Hi,
 

> I'm wondering if this is somehow related to if a nested class gets 
> instrumented or not.


It is unrelated.

JVM throws IllegalAccessError in many various different cases of access 
that is not permitted. And one of them is when these classes defined by 
different class loaders - in the example below class "Outer" will be 
defined by "MyClassLoader", while class "Inner" defined by another class 
loader and 

java.lang.IllegalAccessError: tried to access class Outer$Nested from class 
Outer

will be thrown:

import java.io.ByteArrayOutputStream; 
import java.io.IOException; 
import java.io.InputStream; 

class Outer { 
   class Nested { 
   } 

   public static void main(String[] args) throws Exception { 
       System.out.println(Nested.class); 
       class MyClassLoader extends ClassLoader { 
           Class<?> define(String name, byte[] bytes) { 
               return defineClass(name, bytes, 0, bytes.length); 
           } 
       } 
       MyClassLoader classLoader = new MyClassLoader(); 
       //classLoader.define("Outer$Nested", 
       // 
     read(Outer.class.getResourceAsStream("Outer$Nested.class"))); 
       Class c = classLoader.define("Outer", 
               read(Outer.class.getResourceAsStream("Outer.class"))); 
       c.getDeclaredClasses(); 
   } 

   private static byte[] read(InputStream input) throws IOException { 
       byte[] buffer = new byte[1024]; 
       ByteArrayOutputStream output = new ByteArrayOutputStream(); 
       int bytes; 
       while ((bytes = input.read(buffer)) != -1) { 
           output.write(buffer, 0, bytes); 
       } 
       output.close(); 
       input.close();
       return output.toByteArray(); 
   } 
}

Same happens in your case. Uncomment two lines to define "Inner" via 
"MyClassLoader" and "IllegalAccessError" will go away.
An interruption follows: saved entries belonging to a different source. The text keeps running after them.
(* Let $G$ be a graph with edge set $E$, let $C\subseteq E$ and let $k\ge1$ be an integer. Then $C$ is a circuit of $M_k(G)$ if and only if $\Delta G\langle C\rangle=k$ and $G\langle C\rangle$ is a cacti-graph, i.e. $G\langle C\rangle$ has no leaves and every component of $G\langle C\rangle$ has at least two cycles.
   Context: Graphs are finite, may have loops and parallel edges. A leaf is a vertex incident to exactly one edge, which is not a loop. $\Delta H=|E(H)|-|V(H)|$. For $X\subseteq E$, $G\langle X\rangle$ is the subgraph with edge set $X$ and vertex set the vertices incident to edges of $X$. A cacti-graph is a graph with no isolated vertices, no leaves, and no component that is a cycle. For an integer $k\ge0$, the $k$-circular matroid $M_k(G)$ is the matroid on $E$ whose family of circuits ${\cal C}_k(G)$ is the set of inclusion-minimal members of $\{C\subseteq E: C\neq\emptyset,\ |C|=|V(G\langle C\rangle)|+k\}$ (this family is the circuit family of a matroid). *)

(* A graph (loops and parallel edges allowed) is given by a
   finite vertex type V, a finite edge type E and an endpoint map
   ends : E -> V * V (the pair is read as unordered; a loop has equal ends). *)
From mathcomp Require Import all_boot all_order all_algebra.
Set Implicit Arguments. Unset Strict Implicit. Unset Printing Implicit Defensive.

Section Graphs.
Variables (V E : finType) (ends : E -> V * V).

Definition inc (e : E) (v : V) : bool := ((ends e).1 == v) || ((ends e).2 == v).
Definition is_loop (e : E) : bool := (ends e).1 == (ends e).2.

Definition VX (X : {set E}) : {set V} := [set v | [exists e in X, inc e v]].

Definition DeltaX (X : {set E}) : int := (#|X|%:Z - #|VX X|%:Z)%R.

Definition kdep (k : nat) (C : {set E}) : bool :=
  (C != set0) && (#|C| == #|VX C| + k).
Definition kcircuit (k : nat) (C : {set E}) : bool := minset (kdep k) C.

Definition leafX (X : {set E}) (v : V) : Prop :=
  exists2 e, e \in X & [/\ inc e v, ~~ is_loop e &
     (forall e', e' \in X -> inc e' v -> e' = e)].

Definition adjX (X : {set E}) : rel V :=
  fun u v => [exists e in X, (ends e == (u, v)) || (ends e == (v, u))].
Definition compX (X : {set E}) (v : V) : {set V} := [set u | connect (adjX X) v u].

Definition degX (X : {set E}) (v : V) : nat :=
  (\sum_(e in X) (((ends e).1 == v) + ((ends e).2 == v)))%N.

(* the component of G<X> containing v is a cycle: a connected 2-regular graph *)
Definition comp_is_cycle (X : {set E}) (v : V) : Prop :=
  forall u, u \in compX X v -> degX X u = 2%N.

Definition cacti (X : {set E}) : Prop :=
  [/\ forall v, v \in VX X -> exists2 e, e \in X & inc e v,
       forall v, v \in VX X -> ~ leafX X v
     & forall v, v \in VX X -> ~ comp_is_cycle X v].

End Graphs.

From mathcomp Require Import all_boot all_order all_algebra.
From mathcomp Require Import zify.
Set Implicit Arguments. Unset Strict Implicit. Unset Printing Implicit Defensive.

(* Both directions count endpoints.  If a proper subset B of a k-circuit C had
   Delta G<B> >= k, a minimal such subset of B would be k-dependent; deleting
   the edge at a leaf, or the edges of a cycle component, removes at least as
   many vertices as edges, so a k-circuit has neither.  Conversely, if C has no
   leaves and a proper k-dependent subset B, the edges D = C \ B and the
   vertices N of G<C> missing from G<B> are equinumerous; every vertex of N has
   degree >= 2 and every edge of D has at most two ends in N, so by the
   handshake lemma all these inequalities are tight and N spans a union of
   cycle components of G<C>. *)

Lemma sum_leq_eq (I : finType) (P : pred I) (F G : I -> nat) :
  (forall i, P i -> F i <= G i) ->
  \sum_(i | P i) G i <= \sum_(i | P i) F i -> forall i, P i -> F i = G i.
Proof.
move=> leFG leGF i Pi.
have [leFG_sum] := leqif_sum (fun j Pj => leqif_eq (leFG j Pj)).
rewrite eqn_leq leFG_sum leGF => /esym/forall_inP/(_ i Pi).
exact: eqP.
Qed.

Section Graph.
Variables (V E : finType) (ends : E -> V * V).

Local Notation inc := (inc ends).
Local Notation VX := (VX ends).
Local Notation degX := (degX ends).
Local Notation leafX := (leafX ends).
Local Notation compX := (compX ends).
Local Notation adjX := (adjX ends).

Definition ends_in (S : {set V}) (e : E) : nat :=
  ((ends e).1 \in S) + ((ends e).2 \in S).

Lemma ends_in_le2 S e : ends_in S e <= 2.
Proof. by rewrite /ends_in; case: (_ \in S); case: (_ \in S). Qed.

Lemma ends_in_eq2 S e : ends_in S e = 2 -> ((ends e).1 \in S) && ((ends e).2 \in S).
Proof. by rewrite /ends_in; case: (_ \in S); case: (_ \in S). Qed.

Definition edge_closed (X : {set E}) (N : {set V}) :=
  forall f w, f \in X -> w \in N -> inc f w ->
    ((ends f).1 \in N) && ((ends f).2 \in N).

Lemma DeltaX_eq_nat (C : {set E}) (k : nat) :
  DeltaX ends C = Posz k <-> #|C| = #|VX C| + k.
Proof. by rewrite /DeltaX; split; lia. Qed.

Lemma inc_ends1 e : inc e (ends e).1.
Proof. by rewrite /inc eqxx. Qed.

Lemma inc_ends2 e : inc e (ends e).2.
Proof. by rewrite /inc eqxx orbT. Qed.

Lemma mem_VX (X : {set E}) e v : e \in X -> inc e v -> v \in VX X.
Proof. by move=> eX ev; rewrite inE; apply/existsP; exists e; rewrite eX. Qed.

Lemma notin_VX (X : {set E}) v : (forall f, f \in X -> ~~ inc f v) ->
  v \notin VX X.
Proof.
move=> notinc; rewrite inE negb_exists; apply/forallP => f.
by apply/andP => -[fX fv]; move: fv; apply/negP/notinc.
Qed.

Lemma VXS (B C : {set E}) : B \subset C -> VX B \subset VX C.
Proof.
move=> sBC; apply/subsetP => v; rewrite !inE => /existsP[e /andP[eB ev]].
by apply/existsP; exists e; rewrite (subsetP sBC).
Qed.

Lemma VX_degX_gt0 (X : {set E}) u : 0 < degX X u -> u \in VX X.
Proof.
apply: contraTT => uX; rewrite /degX big1 // => e eX.
have : ~~ inc e u by apply: contraNN uX; apply: mem_VX.
by rewrite /inc negb_or => /andP[/negbTE -> /negbTE ->].
Qed.

Lemma handshake (X : {set E}) (S : {set V}) :
  \sum_(u in S) degX X u = \sum_(e in X) ends_in S e.
Proof.
have sum_eq u : \sum_(w in S) (u == w) = (u \in S).
  rewrite (big_mkcond (fun w => w \in S)) (bigD1 u) //= eqxx big1 ?addn0.
    by case: (u \in S).
  by move=> w; rewrite eq_sym => /negbTE ->; case: ifP.
rewrite /degX exchange_big; apply: eq_bigr => e _.
by rewrite big_split /= !sum_eq.
Qed.

Lemma sum_mem_card (C D : {set E}) : D \subset C ->
  \sum_(e in C) (e \in D) = #|D|.
Proof.
move=> sDC; rewrite -sum1_card (big_setID D) /= (setIidPr sDC).
rewrite [X in _ + X]big1 ?addn0; last by move=> e; rewrite inE => /andP[/negbTE ->].
by apply: eq_bigr => e ->.
Qed.

Lemma degX_ge2 (X : {set E}) u : u \in VX X -> ~ leafX X u -> 2 <= degX X u.
Proof.
rewrite inE => /existsP[e /andP[eX eu]] notleaf.
have deg_split f : f \in X -> f != e ->
    ((ends e).1 == u) + ((ends e).2 == u) + (((ends f).1 == u) + ((ends f).2 == u))
    <= degX X u.
  move=> fX fe; rewrite /degX (bigD1 e) //= leq_add2l.
  by rewrite (bigD1 f) /= ?fX ?fe //= leq_addr.
rewrite leqNgt; apply/negP => deg_lt2; apply: notleaf; exists e => //; split=> //.
  apply/negP => loop; move: deg_lt2; rewrite /degX (bigD1 e) //=.
  move: eu loop; rewrite /inc /is_loop.
  by case: (ends e) => a b /= /orP[] /eqP -> /eqP ->; rewrite eqxx.
move=> f fX fu; apply/eqP; apply: contraTT deg_lt2 => /(deg_split f fX).
move: eu fu; rewrite /inc -leqNgt; case: (ends e) => a b; case: (ends f) => c d /=.
by case: (a == u); case: (b == u); case: (c == u); case: (d == u) => //=; lia.
Qed.

Lemma connect_closed (X : {set E}) (N : {set V}) : edge_closed X N ->
  forall u w, u \in N -> connect (adjX X) u w -> w \in N.
Proof.
move=> closedN u w uN /connectP[p pth ->] {w}.
elim: p u uN pth => //= x p IH u uN /andP[/existsP[f /andP[fX fux]] pth].
apply: IH pth; have := closedN f u fX uN; rewrite /inc.
by case/orP: fux => /eqP -> /=; rewrite eqxx ?orbT => /(_ isT) /andP[].
Qed.

Lemma compX_closed (X : {set E}) v : edge_closed X (compX X v).
Proof.
move=> f w fX; rewrite /inc !inE; case def_f: (ends f) => [a b] /= vw.
have ab : adjX X a b by apply/existsP; exists f; rewrite fX def_f eqxx.
have ba : adjX X b a by apply/existsP; exists f; rewrite fX def_f eqxx orbT.
case/orP => /eqP wf; subst w; rewrite vw /=.
  exact: connect_trans vw (connect1 ab).
by rewrite andbT; apply: connect_trans vw (connect1 ba).
Qed.

Section Circuits.
Variable k : nat.
Hypothesis k_gt0 : 0 < k.

Lemma kdep_subset (B : {set E}) : #|VX B| + k <= #|B| ->
  exists2 A : {set E}, A \subset B & kdep ends k A.
Proof.
move=> dense.
have [A /minsetP[denseA minA] sAB] :=
  minset_exists (P := fun A : {set E} => #|VX A| + k <= #|A|) dense.
exists A => //; rewrite /kdep -card_gt0 eqn_leq denseA andbT.
have /card_gt0P[e eA] : 0 < #|A| by lia.
apply/andP; split; first by apply/card_gt0P; exists e.
rewrite leqNgt; apply/negP => ltA.
have sV : #|VX (A :\ e)| <= #|VX A| by apply/subset_leq_card/VXS/subsetDl.
have cAe : #|A :\ e| = #|A| - 1 by rewrite (cardsD1 e A) eA; lia.
have /esym/setP/(_ e) := minA (A :\ e) ltac:(lia) (subsetDl _ _).
by rewrite !inE eqxx eA.
Qed.

Lemma kcircuit_proper (B C : {set E}) : kcircuit ends k C -> B \proper C ->
  #|B| < #|VX B| + k.
Proof.
case/minsetP=> _ minC; rewrite properEneq => /andP[nBC sBC].
rewrite ltnNge; apply/negP => /kdep_subset[A sAB kA].
have eAC := minC A kA (subset_trans sAB sBC).
by rewrite eqEsubset sBC -eAC sAB in nBC.
Qed.

Lemma kcircuit_remove (C D : {set E}) : kcircuit ends k C ->
  D \subset C -> D != set0 -> #|VX C :\: VX (C :\: D)| < #|D|.
Proof.
move=> kC sDC; rewrite -card_gt0 => D_gt0.
have [/andP[_ /eqP cardC] _] := minsetP kC.
have sV : VX (C :\: D) \subset VX C by apply/VXS/subsetDl.
have leDC := subset_leq_card sDC; have leV := subset_leq_card sV.
have : C :\: D \proper C.
  by rewrite properEcard subsetDl cardsD (setIidPr sDC) /=; lia.
move/(kcircuit_proper kC); rewrite cardsD (setIidPr sDC) cardsD (setIidPr sV).
lia.
Qed.

Lemma kcircuit_no_leaf (C : {set E}) v : kcircuit ends k C -> ~ leafX C v.
Proof.
move=> kC [e eC [ev _ uniq_e]].
have vN : v \in VX C :\: VX (C :\ e).
  rewrite in_setD (mem_VX eC ev) andbT; apply: notin_VX => f.
  rewrite in_setD1 => /andP[fe fC]; apply: contraL fe => fv.
  by rewrite (uniq_e f fC fv) eqxx.
have := kcircuit_remove kC (D := [set e]); rewrite sub1set eC -card_gt0 cards1.
move=> /(_ isT isT); rewrite ltnS leqn0 cards_eq0 => /eqP N0.
by rewrite N0 inE in vN.
Qed.

Lemma kcircuit_no_cycle_comp (C : {set E}) v : kcircuit ends k C ->
  ~ comp_is_cycle ends C v.
Proof.
move=> kC cyc; set K := compX C v; set D := [set e in C | (ends e).1 \in K].
have inD e : (e \in D) = (e \in C) && ((ends e).1 \in K) by rewrite inE.
have sDC : D \subset C by apply/subsetP => e; rewrite inD => /andP[].
have ends_inK e : e \in C -> ends_in K e = 2 * (e \in D).
  move=> eC; rewrite /ends_in inD eC /=.
  case K1: ((ends e).1 \in K).
    by have /andP[_ ->] := compX_closed eC K1 (inc_ends1 e).
  case K2: ((ends e).2 \in K) => //.
  by have /andP[] := compX_closed eC K2 (inc_ends2 e); rewrite K1.
have cardK : #|K| = #|D|.
  have := handshake C K; rewrite (eq_bigr _ cyc) (eq_bigr _ ends_inK).
  by rewrite sum_nat_const -big_distrr /= sum_mem_card // -/K; lia.
have sKV : K \subset VX C :\: VX (C :\: D).
  apply/subsetP => u uK; have uC : u \in VX C by apply: VX_degX_gt0; rewrite cyc.
  rewrite in_setD uC andbT; apply: notin_VX => f.
  rewrite in_setD => /andP[fD fC]; apply: contra fD => fu.
  by have /andP[f1 _] := compX_closed fC uK fu; rewrite inD fC f1.
have D0 : D != set0.
  by rewrite -card_gt0 -cardK card_gt0; apply/set0Pn; exists v; rewrite inE.
by have := kcircuit_remove kC sDC D0; have := subset_leq_card sKV; lia.
Qed.

Lemma balanced_squeeze (C B : {set E}) : B \subset C ->
  #|C :\: B| = #|VX C :\: VX B| -> (forall v, v \in VX C -> ~ leafX C v) ->
  (forall u, u \in VX C :\: VX B -> degX C u = 2) /\
  (forall e, e \in C -> ends_in (VX C :\: VX B) e = 2 * (e \in C :\: B)).
Proof.
move=> sBC cardD noleaf; set N := VX C :\: VX B; set D := C :\: B.
have ends_inN e : e \in C -> ends_in N e <= 2 * (e \in D).
  move=> eC; rewrite in_setD eC andbT.
  case eB: (e \in B); last by rewrite muln1 ends_in_le2.
  by rewrite /ends_in !in_setD (mem_VX eB (inc_ends1 e)) (mem_VX eB (inc_ends2 e)).
have deg2 u : u \in N -> 2 <= degX C u.
  by rewrite in_setD => /andP[_ uC]; apply: degX_ge2 uC (noleaf u uC).
have sum_eq : \sum_(e in C) 2 * (e \in D) = \sum_(u in N) 2.
  by rewrite -big_distrr /= sum_mem_card ?subsetDl // sum_nat_const cardD mulnC.
split.
  move=> u uN; apply/esym; apply: (sum_leq_eq deg2) uN.
  by rewrite handshake -sum_eq; apply: leq_sum ends_inN.
move=> e eC; apply: (sum_leq_eq ends_inN) eC.
by rewrite sum_eq -handshake; apply: leq_sum deg2.
Qed.

Lemma kcircuit_of_cacti (C : {set E}) : #|C| = #|VX C| + k ->
    (forall v, v \in VX C -> ~ leafX C v) ->
    (forall v, v \in VX C -> ~ comp_is_cycle ends C v) ->
  kcircuit ends k C.
Proof.
move=> cardC noleaf nocycle; apply/minsetP; split.
  by rewrite /kdep cardC eqxx andbT -card_gt0 cardC; lia.
move=> B /andP[_ /eqP cardB] sBC; apply/eqP; rewrite eqEsubset sBC -setD_eq0.
apply/negPn/set0Pn => -[e eD]; have sV := VXS sBC.
have cardD : #|C :\: B| = #|VX C :\: VX B|.
  rewrite !cardsD (setIidPr sBC) (setIidPr sV).
  by have := subset_leq_card sBC; have := subset_leq_card sV; lia.
have [deg2 ends_inN] := balanced_squeeze sBC cardD noleaf.
set N := VX C :\: VX B in deg2 ends_inN.
have eC : e \in C by move: eD; rewrite in_setD => /andP[].
have closedN : edge_closed C N.
  move=> f w fC wN fw; have fD : f \in C :\: B.
    rewrite in_setD fC andbT; apply: contraL wN => fB.
    by rewrite in_setD (mem_VX fB fw).
  by apply: ends_in_eq2; rewrite ends_inN // fD.
have /andP[N1 _] : ((ends e).1 \in N) && ((ends e).2 \in N).
  by apply: ends_in_eq2; rewrite ends_inN // eD.
apply: (nocycle _ (mem_VX eC (inc_ends1 e))) => w.
by rewrite inE => /(connect_closed closedN N1) /deg2.
Qed.

End Circuits.
End Graph.

Theorem mainTheorem8 (V E : finType) (ends : E -> V * V) (C : {set E}) (k : nat) :
  (1 <= k)%N ->
  (kcircuit ends k C <-> (DeltaX ends C = Posz k /\ cacti ends C)).
Proof.
move=> k_gt0; rewrite DeltaX_eq_nat; split.
  move=> kC; have [/andP[_ /eqP cardC] _] := minsetP kC.
  split; first exact: cardC.
  split=> v.
  - by rewrite inE => /existsP[e /andP[eC ev]]; exists e.
  - by move=> _; apply: kcircuit_no_leaf kC.
  - by move=> _; apply: kcircuit_no_cycle_comp kC.
case=> cardC [_ noleaf nocycle].
exact: (kcircuit_of_cacti k_gt0 cardC noleaf nocycle).
Qed.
Class loading on itself is a complex subject, so advice - make sure that 
you understand class loading and that it works in your case prior to 
addition of instrumentation.

Now back to the question

When I instrument a class with Jacoco, do nested classes also get 
> instrumented as well?


As stated in Javadoc of method that you use - 
http://www.jacoco.org/jacoco/trunk/doc/api/org/jacoco/core/instr/Instrumenter.html#instrument(java.io.InputStream,
 
java.lang.String) :

Creates a instrumented version of the *given class* if possible.

If necessary to rephrase, then: only bytes of *one and only one class* are 
instrumented - the one that is passed as argument to this method.


Regards,
Evgeny

On Friday, March 30, 2018 at 6:50:44 PM UTC+2, [email protected] wrote:
>
> My above stack trace is not quite right. I had made modifications to 
> attempt to catch and ignore the errors which resulted in the above trace.
>
> Throwable thrown while handling command: java.lang.IllegalAccessError: 
> tried to access class 
> org.apache.commons.collections4.multiset.SynchronizedMultiSet$SynchronizedSet 
> from class org.apache.commons.collections4.multiset.SynchronizedMultiSet
> java.lang.IllegalAccessError: tried to access class 
> org.apache.commons.collections4.multiset.SynchronizedMultiSet$SynchronizedSet 
> from class org.apache.commons.collections4.multiset.SynchronizedMultiSet
>         at java.lang.Class.getDeclaredClasses0(Native Method)
>         at java.lang.Class.getDeclaredClasses(Class.java:1867)
>         at 
> randoop.reflection.ClassUtil.getDeclaredClasses(ClassUtil.java:60)
>         at 
> randoop.reflection.ReflectionManager.apply(ReflectionManager.java:156)
>         at 
> randoop.reflection.ReflectionManager.apply(ReflectionManager.java:83)
>         at 
> randoop.reflection.OperationModel.addClassTypes(OperationModel.java:513)
>         at 
> randoop.reflection.OperationModel.createModel(OperationModel.java:153)
>         at randoop.main.GenTests.handle(GenTests.java:275)
>         at randoop.main.Main.nonStaticMain(Main.java:65)
>         at randoop.main.Main.main(Main.java:29)
>
> This trace shows the behavior that I described in the above post. (Without 
> any additional error handling that I haven't described). The outer class 
> accessing the inner class causes the IllegalAccessError.